In this study, we demonstrated the photochemical changes before and after colony formation. In the laboratory, light curves showed that colonies were more responsive to high light than single cells. The values of the maximal slope of electron transport rate (ETR)—light curve (α), relative maximal electron transport rate (rETRmax), and onset of light saturation (Ik) of colonies were significantly higher than those of single cells (P < 0.05), indicating that colonies
have higher photosynthetic capability than single cells, especially in high light, where values of rETRmax and Ik of colonies were 2.32 and 2.41 times those of single cells. Moreover, the dark-light experiments showed that colonial cells can more effectively resist darkness damage. In addition, pigments of colonial cells were higher than those of PDGFR inhibitor single cells (P < 0.05). The higher pigment contents probably contribute to higher photosynthetic capability. In the field, the inhibition rate of Fv/Fm in single cells increased significantly
faster than that of colonies selleck screening library as light increased (P < 0.05), but nonphotochemical quenching (NPQ) value of colonies was higher (32.4%) than that of single cells at noon, which indicated colonial cells can more effectively resist high-light inhibition than single cells (P < 0.05). Polysaccharides of colonies were significantly Progesterone higher compared to those in unicellular cells (P < 0.05) based on their contents and ultrastructural characteristics. This finding implies that colonies could not effectively decrease photoinhibition by negative buoyancy regulation. In fact, NPQ may be an important mechanism for avoiding photodamage. All of these phenomena can help explain the ecological success of colonial M. aeruginosa in eutrophic water. "

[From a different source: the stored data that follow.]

(* Let $b\ge 2$. For every positive integer $N$ there exist infinitely many positive integers $M$ such that $N\cdot M$ is a $b$-wMRH number. In particular every positive integer divides some $b$-wMRH number.
   Context: Fix a base $b\ge 2$. $s_b(N)$ is the sum of the base-$b$ digits of $N$. For a positive integer $X$, its reversal $X^R$ is the integer whose base-$b$ representation is that of $X$ written in reverse order (leading zeros of the result are dropped). A positive integer $N$ is a $b$-wMRH number if there exists an integer $A\ge 0$ such that $N=(A+s_b(N))\cdot(A+s_b(N))^R$. *)

From mathcomp Require Import all_boot.
Set Implicit Arguments. Unset Strict Implicit. Unset Printing Implicit Defensive.

(* Base-b digits of n, least significant first (fuel = n suffices for b >= 2). *)
Fixpoint digits_aux (b fuel n : nat) : seq nat :=
  match fuel with
  | 0 => [::]
  | fuel'.+1 => if n == 0 then [::] else (n %% b) :: digits_aux b fuel' (n %/ b)
  end.

Definition digits (b n : nat) : seq nat := digits_aux b n n.

Definition digsum (b n : nat) : nat := sumn (digits b n).

(* X^R: integer whose base-b representation is that of X reversed.
   Reading the LSD-first digit list as an MSD-first numeral gives the
   reversal; leading zeros are dropped automatically. *)
Definition rev_b (b x : nat) : nat := foldl (fun acc d => acc * b + d) 0 (digits b x).

Definition wMRH (b N : nat) : Prop :=
  0 < N /\ exists A : nat, N = (A + digsum b N) * rev_b b (A + digsum b N).

Lemma rev_b_test : rev_b 10 120 = 21 /\ digsum 10 987 = 24.
Proof. split; by vm_compute. Qed.

From mathcomp Require Import all_boot.
From mathcomp Require Import zify.

(* Write R = N^R and, for a large exponent k, X = N * b^k.  Appending
   zeros to a base-b numeral changes neither its digit sum nor its reversal,
   so X^R = R, and with M = b^k * R we get N * M = X * R = (N * R) * b^k,
   whose digit sum S = s_b(N * R) does not depend on k.  Choosing k > S makes
   A = X - S nonnegative, and then A + s_b(N * M) = X, so that
   N * M = X * X^R: this is exactly the wMRH condition. *)

Section BaseB.

Variable b : nat.
Hypothesis hb : 1 < b.

Lemma divb_lt n : 0 < n -> n %/ b < n.
Proof. by move=> n0; rewrite ltn_Pdiv. Qed.

Lemma digits_aux_fuel f1 f2 n :
  n <= f1 -> n <= f2 -> digits_aux b f1 n = digits_aux b f2 n.
Proof.
elim: f1 f2 n => [|f1 IH] [|f2] n /=.
- by [].
- by rewrite leqn0 => /eqP ->.
- by move=> _; rewrite leqn0 => /eqP ->.
- case: eqP => // /eqP n0 h1 h2.
  have lt : n %/ b < n by apply: divb_lt; rewrite lt0n.
  by congr (_ :: _); apply: IH; lia.
Qed.

Lemma digits_rec n : 0 < n -> digits b n = n %% b :: digits b (n %/ b).
Proof.
move=> n0; rewrite /digits; have lt := divb_lt n n0.
case: n n0 lt => [//|m] _ lt /=.
by congr (_ :: _); apply: digits_aux_fuel; lia.
Qed.

Lemma digits_mulb x : 0 < x -> digits b (x * b) = 0 :: digits b x.
Proof.
move=> x0; rewrite digits_rec ?modnMl ?mulnK //; [lia | nia].
Qed.

Lemma digsum_mulbX x k : 0 < x -> digsum b (x * b ^ k) = digsum b x.
Proof.
move=> x0; elim: k => [|k IH]; first by rewrite muln1.
have xbk0 : 0 < x * b ^ k by rewrite muln_gt0 x0 expn_gt0; lia.
by rewrite expnSr mulnA /digsum digits_mulb.
Qed.

Lemma rev_b_mulbX x k : 0 < x -> rev_b b (x * b ^ k) = rev_b b x.
Proof.
move=> x0; elim: k => [|k IH]; first by rewrite muln1.
have xbk0 : 0 < x * b ^ k by rewrite muln_gt0 x0 expn_gt0; lia.
by rewrite expnSr mulnA /rev_b digits_mulb.
Qed.

Lemma horner_mono s a c : a <= c ->
  foldl (fun acc d => acc * b + d) a s <= foldl (fun acc d => acc * b + d) c s.
Proof.
elim: s a c => [|d s IH] a c h //=.
by apply: IH; rewrite leq_add2r leq_mul2r h orbT.
Qed.

(* The reversal of a positive number is positive: its leading digit,
   which becomes the trailing one, is nonzero. *)
Lemma rev_b_gt0 n : 0 < n -> 0 < rev_b b n.
Proof.
elim/ltn_ind: n => n IH n0; rewrite /rev_b digits_rec //=.
have [q0 | q0] := posnP (n %/ b).
- have n_small : n < b by rewrite ltnNge -divn_gt0 ?q0 //; lia.
  by rewrite q0 modn_small.
- apply: leq_trans (IH _ (divb_lt n n0) q0) _.
  exact: horner_mono.
Qed.

End BaseB.

Theorem corollary15 (b : nat) (hb : 2 <= b) (N : nat) (hN : 0 < N) :
  forall K : nat, exists M : nat, K < M /\ wMRH b (N * M).
Proof.
move=> K.
set R := rev_b b N; have R0 : 0 < R by exact: rev_b_gt0.
set S := digsum b (N * R).
(* The exponent k exceeds both K (so M > K) and S (so A >= 0). *)
set k := K + S + 1; have k_lt : k < b ^ k by apply: ltn_expl.
have NR0 : 0 < N * R by rewrite muln_gt0 hN R0.
have NM_eq : N * (b ^ k * R) = N * R * b ^ k by rewrite mulnCA mulnC.
exists (b ^ k * R); split; first by nia.
split; first by rewrite NM_eq muln_gt0 NR0 expn_gt0; lia.
(* Take A = N * b^k - S, so that A + s_b(N * M) = N * b^k, whose reversal is R. *)
exists (N * b ^ k - S).
rewrite NM_eq digsum_mulbX // -/S subnK; last by nia.
by rewrite rev_b_mulbX // -/R; nia.
Qed.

“The attachment of the psammophytic alga Caulerpa mexicana Sond. ex Kütz., a coenocytic green alga, to crushed CaCO3
particles was examined utilizing the scanning electron microscope and fluorescently tagged antivitronectin antibodies. Plants attached to the substrate through morphologically variable tubular rhizoidal extensions that grew from the stolon. In this study, we describe two means of attachment: (i) the rhizoid attachment to limestone gravel by thigmoconstriction, where tubular extensions of the rhizoid wrapped tightly around the substrate and changed morphology to fit tightly into crevices in the limestone, and (ii) through adhesion pads that formed in contact with the limestone granules. Flattened rhizoidal pads were observed to secrete a fibrillar material that contained vitronectin-like proteins identified through immunolocialization and that facilitated binding of the rhizoid to the substrate. “
“The diazotrophic cyanobacteria Trichodesmium spp. contribute approximately half of the known marine dinitrogen (N2) fixation.